Californie : Traîner encore un peu [15/15]

 

On était bien là, quand même… Ne pas se préoccuper de l’heure, vivre entre deux motels, aller voir la mer, rouler…

Mais comme toutes les bonnes choses ont une fin, même les donuts, c’est aujourd’hui que se termine cette quinzaine californienne.

Nous quittons le motel avec nos valises, la mine un peu défaite. Mais notre vol ne partant que ce soir, nous comptons bien profiter de nos dernières heures dans le coin !

Nous partons faire un tour à Manhattan Beach, un peu au Sud de Los Angeles. C’est l’une des plages les plus réputées du coin, notamment pour le surf.

Et vous commencez à avoir l’habitude, tout commence au pier ! (promis c’est le dernier ! 😜) Celui-là est « customisé » d’un Ruby’s Inn à son extrêmité.

Vous remarquerez ce remarquable ciel gris qui n’aura pas quitté nos matinées !

Nous nous posons avec un café pour observer les courageux surfers (coucou l’eau à 13°C) et pour guetter les baleines. Bon pour les baleines c’est loupé, mais apparemment il y a beaucoup de poissons, vu le nombre de pêcheurs sur le ponton.

Nous apprenons que le beach volley a été inventé ici, dis donc.

Petit plaisir de prendre le temps, et de goûter pour la dernière fois l’air et l’ambiance de Californie…

J15 - Traîner encore un peu
J15 - Traîner encore un peu

Nous flânons dans la rue principale, à la fois contents d’avoir encore un peu de répit, mais aussi l’oeil sur la montre pour ne pas se retrouver en retard.

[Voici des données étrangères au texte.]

Lemma u_far_on_window g : 0 < g -> exists tau, 0 < tau /\
  forall t z, T <= t <= z -> z <= t + tau -> g <= Rabs (u t - s) -> g / 2 <= Rabs (u z - s).
Proof.
  intros Hg. destruct (u_window (g / 2) ltac:(lra)) as [tau [Htau Hwin]].
  exists tau. split; [exact Htau |]. intros t z Htz Hz Hfar.
  specialize (Hwin t z Htz Hz).
  pose proof (Rabs_triang (u t - u z) (u z - s)) as Htri.
  replace (u t - u z + (u z - s)) with (u t - s) in Htri by ring.
  rewrite (Rabs_minus_sym (u t) (u z)) in Htri. lra.
Qed.

Lemma v_converges_of_u_converges : converges u s -> converges v vs.
Proof.
  intros Hcu. apply NNPP. intros Hn. destruct (not_converges v vs Hn) as [rho [Hrho Hfar]].
  pose proof vs_pos as Hvs. assert (Hs0 : 0 < s) by lra.
  destruct (v_window (rho / 2) ltac:(lra)) as [tau [Htau Hvnear]].
  destruct (continuity_pt_ball (phi th et) s (rho / 4)) as [k [Hk Hphi]]; [| lra |].
  { apply (is_derive_continuity_pt _ _ _ (phi_derive th et s Hs0)). }
  destruct (exists_pos_le_all [s / 2; k; s ^ 2 * rho * tau / 64]) as [kap [Hkap Hle]].
  { repeat constructor; try lra. apply Rdiv_lt_0_compat; [repeat apply Rmult_lt_0_compat; nra | lra]. }
  rewrite !Forall_cons_iff in Hle. destruct Hle as (Hkap1 & Hkap2 & Hkap3 & _).
  destruct (Hcu kap ltac:(lra)) as [T' HT'].
  destruct (Hfar (Rmax T' T)) as [t [Ht Hvt]].
  pose proof (Rmax_l T' T). pose proof (Rmax_r T' T).
  assert (Hdrift := u_drift t tau rho ltac:(lra) Htau Hrho).
  assert (Hu_t := HT' t ltac:(lra)). assert (Hu_tau := HT' (t + tau) ltac:(lra)).
  apply Rabs_def2 in Hu_t. apply Rabs_def2 in Hu_tau.
  assert (Hclose : Rabs (u (t + tau) - u t) <= 2 * kap) by (apply Rabs_le; lra).
  enough (s ^ 2 * rho * tau / 16 <= Rabs (u (t + tau) - u t)).
  { assert (0 < s ^ 2 * rho * tau) by (repeat apply Rmult_lt_0_compat; nra). lra. }
  apply Hdrift; [| exact Hvt]. intros z Hz.
  pose proof (HT' z ltac:(lra)) as Huz. split; [apply Rabs_def2 in Huz; lra | split].
  - apply Hphi. lra.
  - apply Hvnear; lra.
Qed.

End Bounded.

Lemma converges_right T : 0 <= T -> (forall t, T <= t -> uM <= u t <= 2) ->
  converges u s /\ converges v vs.
Proof.
  intros HT Hb. pose proof vs_pos as Hvs. pose proof d_lt_1.
  set (G t := lyap d eps s vs (u t) (v t)).
  assert (Gmono : forall x y, T <= x <= y -> G y <= G x).
  { intros x y Hxy. apply lyap_nonincr; [lra |]. intros z Hz. apply Hb. lra. }
  assert (Gnonneg : forall x, T <= x -> 0 <= G x).
  { intros x Hx. destruct (Hpos x ltac:(lra)) as [Hux Hvx].
    pose proof (lyap_v_le_lyap eps (u x) (v x) Heps Hux). pose proof (lyap_v_nonneg vs (v x) Hvs Hvx).
    unfold G. lra. }
  assert (HvV : forall t, T <= t -> v t <= 2 * (G T + vs)).
  { intros t Ht. destruct (Hpos t ltac:(lra)) as [Hut Hvt]. apply lyap_v_bound; auto.
    pose proof (lyap_v_le_lyap eps (u t) (v t) Heps Hut). pose proof (Gmono T t ltac:(lra)).
    unfold G in *. lra. }
  assert (Hu2 : forall t, T <= t -> u t <= 2) by (intros t Ht; apply Hb, Ht).
  assert (Hcu : converges u s).
  { apply (converges_of_uniform_drops u G s T 0 Gmono Gnonneg). intros g Hg.
    destruct (dissipation_bound (g / 2) ltac:(lra)) as [c [Hc Hdiss]].
    destruct (u_far_on_window T _ HT Hu2 HvV g Hg) as [tau [Htau Hwin]].
    exists (eps * (1 - d) * c * tau). split; [repeat apply Rmult_lt_0_compat; lra |].
    intros t Ht Hfar. exists (t + tau). split; [lra |].
    enough (G (t + tau) - G t <= - (eps * (1 - d) * c) * (t + tau - t)) by lra.
    apply (mvt_upper G (fun z => eps * (1 - d) * (u z ^ 2 - s ^ 2) * (phi th et (u z) - vs))); [lra | |].
    - intros z Hz. apply lyap_derive. lra.
    - intros z Hz. specialize (Hdiss (u z) (proj1 (Hb z ltac:(lra))) (Hwin t z ltac:(lra) ltac:(lra) Hfar)).
      rewrite Rmult_assoc. replace (- (eps * (1 - d) * c)) with (eps * (1 - d) * - c) by ring.
      apply Rmult_le_compat_l; [apply Rmult_le_pos |]; lra. }
  split; [exact Hcu |]. exact (v_converges_of_u_converges T _ HT Hu2 HvV Hcu).
Qed.

Section Left.

Variable T : R.
Hypothesis HT : 0 <= T.
Hypothesis Hlt : forall t, T <= t -> u t < s.

Lemma v_nonincr_left x y : T <= x <= y -> v y <= v x.
Proof.
  intros Hxy. pose proof d_lt_1.
  enough (v y - v x <= 0 * (y - x)) by lra.
  apply (mvt_upper v (fun z => F2 d et eps (u z) (v z))); [lra | intros z Hz; apply v_derive; lra |].
  intros z Hz. rewrite F2_factor. destruct (Hpos z ltac:(lra)).
  specialize (Hlt z ltac:(lra)). assert (u z ^ 2 - s ^ 2 <= 0) by nra.
  assert (0 <= eps * (1 - d) * v z) by (repeat apply Rmult_le_pos; lra). nra.
Qed.

(* Below [phi]'s lower bound on [(0, s]], [u] would grow at a linear rate beyond [s]. *)
Lemma v_lower_bound_left t : T <= t -> (1 - s) * th * et / s <= v t.
Proof.
  intros Ht. set (m0 := (1 - s) * th * et / s). apply Rnot_lt_le. intros Hvt.
  destruct (Hpos t ltac:(lra)) as [Hut _].
  assert (Hgrowth : forall z, t <= z -> (u t) ^ 2 * (m0 - v t) <= F1 th et (u z) (v z) /\ u t <= u z).
  { assert (Hgap : forall z, t <= z -> m0 - v t <= phi th et (u z) - v z).
    { intros z Hz. destruct (Hpos z ltac:(lra)).
      pose proof (phi_lower_bound th et s (u z) Hth Het ltac:(split; [lra | left; apply Hlt; lra]) Hs1).
      pose proof (v_nonincr_left t z ltac:(lra)). unfold m0. lra. }
    assert (Hincr : forall z, t <= z -> u t <= u z).
    { intros z Hz. enough (0 * (z - t) <= u z - u t) by lra.
      apply (mvt_lower u (fun y => F1 th et (u y) (v y))); [lra | intros y Hy; apply u_derive; lra |].
      intros y Hy. destruct (Hpos y ltac:(lra)). rewrite F1_factor by lra.
      pose proof (Hgap y ltac:(lra)). apply Rmult_le_pos; nra. }
    intros z Hz. split; [| exact (Hincr z Hz)].
    destruct (Hpos z ltac:(lra)). rewrite F1_factor by lra.
    pose proof (Hgap z Hz). pose proof (Hincr z Hz).
    apply Rmult_le_compat; nra. }
  set (al := u t ^ 2 * (m0 - v t)).
  assert (Hal : 0 < al) by (unfold al; apply Rmult_lt_0_compat; nra).
  assert (0 < s / al) by (apply Rdiv_lt_0_compat; lra).
  assert (Hrise : al * (t + s / al - t) <= u (t + s / al) - u t).
  { apply (mvt_lower u (fun z => F1 th et (u z) (v z))); [lra | intros z Hz; apply u_derive; lra |].
    intros z Hz. apply Hgrowth. lra. }
  replace (al * (t + s / al - t)) with s in Hrise by (field; lra).
  specialize (Hlt (t + s / al) ltac:(lra)). lra.
Qed.

Lemma v_decay_rate_left g : 0 < g -> exists c, 0 < c /\
  forall z, T <= z -> g <= Rabs (u z - s) -> F2 d et eps (u z) (v z) <= - c.
Proof.
  intros Hg. pose proof d_lt_1. pose proof v_lower_bound_left as Hlb.
  set (m0 := (1 - s) * th * et / s) in Hlb.
  assert (Hm0 : 0 < m0) by (unfold m0; apply Rdiv_lt_0_compat; [repeat apply Rmult_lt_0_compat |]; lra).
  clearbody m0.
  destruct (exists_pos_le_all [g; s]) as [g' [Hg' Hle]]; [repeat constructor; lra |].
  rewrite !Forall_cons_iff in Hle. destruct Hle as (Hgg' & Hsg' & _).
  assert (Hc1 : 0 < s ^ 2 - (s - g') ^ 2) by nra.
  exists (eps * (1 - d) * (m0 * (s ^ 2 - (s - g') ^ 2))).
  split; [repeat apply Rmult_lt_0_compat; lra |]. intros z Hz Hfar. rewrite F2_factor.
  pose proof (Hlt z Hz). rewrite Rabs_left in Hfar by lra. destruct (Hpos z ltac:(lra)).
  pose proof (Hlb z Hz).
  assert (u z ^ 2 - s ^ 2 <= - (s ^ 2 - (s - g') ^ 2)) by nra.
  assert (v z * (u z ^ 2 - s ^ 2) <= - (m0 * (s ^ 2 - (s - g') ^ 2))) by nra.
  rewrite Rmult_assoc, Ropp_mult_distr_r. apply Rmult_le_compat_l; [apply Rmult_le_pos |]; lra.
Qed.

Lemma converges_left : converges u s /\ converges v vs.
Proof.
  assert (HvV : forall t, T <= t -> v t <= v T) by (intros t Ht; apply v_nonincr_left; lra).
  assert (Hu2 : forall t, T <= t -> u t <= 2) by (intros t Ht; specialize (Hlt t Ht); lra).
  assert (Hcu : converges u s).
  { apply (converges_of_uniform_drops u v s T _ v_nonincr_left v_lower_bound_left). intros g Hg.
    destruct (v_decay_rate_left (g / 2) ltac:(lra)) as [c [Hc Hdecay]].
    destruct (u_far_on_window T (v T) HT Hu2 HvV g Hg) as [tau [Htau Hwin]].
    exists (c * tau). split; [apply Rmult_lt_0_compat; lra |].
    intros t Ht Hfar. exists (t + tau). split; [lra |].
    enough (v (t + tau) - v t <= - c * (t + tau - t)) by lra.
    apply (mvt_upper v (fun z => F2 d et eps (u z) (v z))); [lra | intros z Hz; apply v_derive; lra |].
    intros z Hz. apply Hdecay; [lra |]. apply (Hwin t z); lra. }
  split; [exact Hcu | exact (v_converges_of_u_converges T (v T) HT Hu2 HvV Hcu)].
Qed.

Puis nous allons déjeuner dans un pub bien sympathique, le Rock’n Fish. Pour notre dernier repas américain, ce sera fish tacos (ma nouvelle lubie) et lobster roll.

J15 - Traîner encore un peu
J15 - Traîner encore un peuJ15 - Traîner encore un peu

Nous sommes sur la terrasse couverte, car le temps est toujours mitigé. Mais pourquoi fait-il toujours gris ici le matin, alors que les après-midis sont ensoleillées ???

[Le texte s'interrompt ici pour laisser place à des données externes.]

Lemma norm_lt1 (p : pt) : norm p < 1 -> dot p p < 1.
Proof. intro H; rewrite <- norm_sqr; pose proof (sqrt_pos (dot p p)); unfold norm in *; nra. Qed.

Lemma norm_ge1 (p : pt) : 1 <= norm p -> 1 <= dot p p.
Proof. intro H; rewrite <- norm_sqr; nra. Qed.

Lemma norm_eq1 (p : pt) : norm p = 1 -> dot p p = 1.
Proof. intro H; rewrite <- norm_sqr, H; ring. Qed.

Lemma inv_pt_dot (p : pt) : p <> origin -> dot (inv_pt p) (inv_pt p) = / dot p p.
Proof.
  intro Hp; pose proof (dot_gt0 p Hp).
  unfold inv_pt; rewrite dot_scale_l, dot_scale_r; field; lra.
Qed.

Lemma inv_pt_involutive (p : pt) : p <> origin -> inv_pt (inv_pt p) = p.
Proof.
  intro Hp; pose proof (dot_gt0 p Hp).
  unfold inv_pt at 1; rewrite inv_pt_dot by exact Hp.
  destruct p as [p1 p2]; unfold inv_pt, pscale, dot in *; simpl in *.
  f_equal; field; lra.
Qed.

Lemma inv_pt_unit (p : pt) : dot p p = 1 -> inv_pt p = p.
Proof.
  intro H; unfold inv_pt; rewrite H, Rinv_1.
  destruct p; unfold pscale; simpl; f_equal; ring.
Qed.

Lemma pscale_dot_inv_pt (p : pt) : p <> origin -> p = pscale (dot p p) (inv_pt p).
Proof.
  intro Hp; pose proof (dot_gt0 p Hp).
  destruct p as [p1 p2]; unfold inv_pt, pscale in *; simpl.
  f_equal; field; lra.
Qed.

Lemma inv_pt_scale (t : R) (c : pt) : t <> 0 -> c <> origin ->
  inv_pt (pscale t c) = pscale (/ (t * dot c c)) c.
Proof.
  intros Ht Hc; pose proof (dot_gt0 c Hc).
  unfold inv_pt; rewrite dot_scale_l, dot_scale_r.
  destruct c as [c1 c2]; unfold pscale, dot in *; simpl in *.
  f_equal; field; split; lra.
Qed.

Lemma on_line_origin (c p : pt) : on_line origin c p -> exists t, p = pscale t c.
Proof.
  intros [t ->]; exists t.
  destruct c; unfold padd, pscale, psub, origin; simpl; f_equal; ring.
Qed.

Lemma affine_on_line (u : pt) (k s : R) (p q : pt) :
  dot u (padd p (pscale s (psub q p))) + k = (1 - s) * (dot u p + k) + s * (dot u q + k).
Proof. unfold dot, padd, pscale, psub; simpl; ring. Qed.

(* The central map [P' |-> (u.P + k) P'] with affine factor is projective: the point of
   the line [P1' P2'] on the line [0 b] is [b / (u.b + k)]. *)
Lemma dilation_on_line (u : pt) (k : R) (P1 P2 P1' P2' b d : pt) :
  P1 = pscale (dot u P1 + k) P1' -> P2 = pscale (dot u P2 + k) P2' ->
  on_line P1 P2 b -> on_line P1' P2' d ->
  exists m, psub b (pscale (dot u b + k) d) = pscale m (psub P2' P1').
Proof.
  intros E1 E2 [s Hb] [al Hd].
  rewrite Hb, affine_on_line.
  set (l1 := dot u P1 + k) in *; set (l2 := dot u P2 + k) in *; clearbody l1 l2.
  exists (s * l2 - ((1 - s) * l1 + s * l2) * al).
  rewrite Hd, E1, E2.
  unfold padd, pscale, psub; simpl; f_equal; ring.
Qed.

Lemma pscale_eq_nonparallel (m m' : R) (v w : pt) :
  pscale m v = pscale m' w -> cross v w <> 0 -> m = 0.
Proof.
  destruct v as [v1 v2], w as [w1 w2]; unfold pscale, cross; simpl.
  intros E Hc; injection E as E1 E2.
  assert (H : m * (v1 * w2 - v2 * w1) = 0).
  { transitivity (m * v1 * w2 - m * v2 * w1); [ring|].
    rewrite E1, E2; ring. }
  apply Rmult_integral in H; destruct H; [assumption | contradiction].
Qed.

Lemma dilation_collinear (u : pt) (k : R) (P1 P2 Q1 Q2 P1' P2' Q1' Q2' b d : pt) :
  P1 = pscale (dot u P1 + k) P1' -> P2 = pscale (dot u P2 + k) P2' ->
  Q1 = pscale (dot u Q1 + k) Q1' -> Q2 = pscale (dot u Q2 + k) Q2' ->
  on_line P1 P2 b -> on_line Q1 Q2 b -> on_line P1' P2' d -> on_line Q1' Q2' d ->
  cross (psub P2' P1') (psub Q2' Q1') <> 0 -> collinear origin b d.
Proof.
  intros E1 E2 E3 E4 Hb1 Hb2 Hd1 Hd2 Hnp.
  destruct (dilation_on_line u k P1 P2 P1' P2' b d E1 E2 Hb1 Hd1) as [m Hm].
  destruct (dilation_on_line u k Q1 Q2 Q1' Q2' b d E3 E4 Hb2 Hd2) as [m' Hm'].
  assert (Hm0 : m = 0)
    by (apply (pscale_eq_nonparallel m m' (psub P2' P1') (psub Q2' Q1')); [congruence | exact Hnp]).
  rewrite Hm0 in Hm.
  set (mu := dot u b + k) in Hm; clearbody mu.
  destruct b as [b1 b2], d as [d1 d2]; unfold psub, pscale, collinear, origin in *; simpl in *.
  injection Hm as Hm1 Hm2.
  assert (b1 = mu * d1) by lra; assert (b2 = mu * d2) by lra.
  subst; ring.
Qed.

Lemma lines_nonparallel (P1 P2 Q1 Q2 d : pt) :
  ~ collinear P1 P2 Q1 -> on_line P1 P2 d -> on_line Q1 Q2 d ->
  cross (psub P2 P1) (psub Q2 Q1) <> 0.
Proof.
  intros Hnc [al Hd1] [be Hd2] Hc; apply Hnc.
  rewrite Hd1 in Hd2.
  destruct P1 as [p1 p2], P2 as [q1 q2], Q1 as [m1 m2], Q2 as [n1 n2].
  unfold collinear, cross, psub, padd, pscale in *; simpl in *.
  injection Hd2 as Ha Hb.
  replace (m1 - p1) with (al * (q1 - p1) - be * (n1 - m1)) by lra.
  replace (m2 - p2) with (al * (q2 - p2) - be * (n2 - m2)) by lra.
  transitivity (- be * ((q1 - p1) * (n2 - m2) - (q2 - p2) * (n1 - m1))); [ring|].
  rewrite Hc; ring.
Qed.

Nous faisons part de cette question existentielle à notre serveuse. Laquelle nous répond qu’il s’agit d’un phénomène commun sur la côte pacifique, appelé le « June Gloom » (mais qui commence donc en mai, apparemment !). Les courants d’eau froide créent pendant la nuit des nuages, amenant brouillard et fraîcheur sur la côte. Heureusement, cela implique rarement la pluie. Le ciel se dégage généralement en milieu de journée. C’est effectivement ce que nous avons remarqué depuis le début de notre séjour !

Mai et Juin sont donc habituellement les mois les plus gris en Californie (pas de bol, quand même). Tenez-le vous pour dit si vous comptez venir en Californie !!!

Ceci dit, cela ne nous a nullement empêchés de profiter de notre séjour. Il faut même reconnaître que nous sommes souvent chanceux côté météo pendant nos voyages !

J15 - Traîner encore un peu

Voilà, merci Evelyne Dhéliat pour ce point météo.

Nous faisons un peu traîner le repas.

Il nous faut maintenant terminer la mission cartes postales. Car l’un des participants de ce binôme (ne citons pas de nom afin de respecter son anonymat) n’a TOUJOURS pas fini d’écrire ses cartes !

Et grâce au GPS, nous trouvons un centre postal sur la route de l’aéroport pour acheter des timbres et poster les cartes.

Cette fois-ci, il faut se rendre à l’évidence, c’est vraiment la fin. Direction l’agence de location Alamo près de l’aéroport.

Nous vidons notre fidèle alliée Mustang qui nous aura conduits partout. Cette année, nous n’oublions pas de CD dans le lecteur, comme il y a deux ans… (oh les vieux ! ils utilisaient encore des CD à cette époque !)

La restitution de la voiture se passe sans problème, c’est à peine si l’employée fait le tour. Puis elle monte au volant et emmène notre Mustang en nous faisant un petit signe de la main. 😭

J15 - Traîner encore un peu

La navette pour l’aéroport se trouve juste à côté de l’agence de location. Nous indiquons au chauffeur avec quelle compagnie nous partons, de cette manière il sait à quelle entrée du terminal international nous déposer.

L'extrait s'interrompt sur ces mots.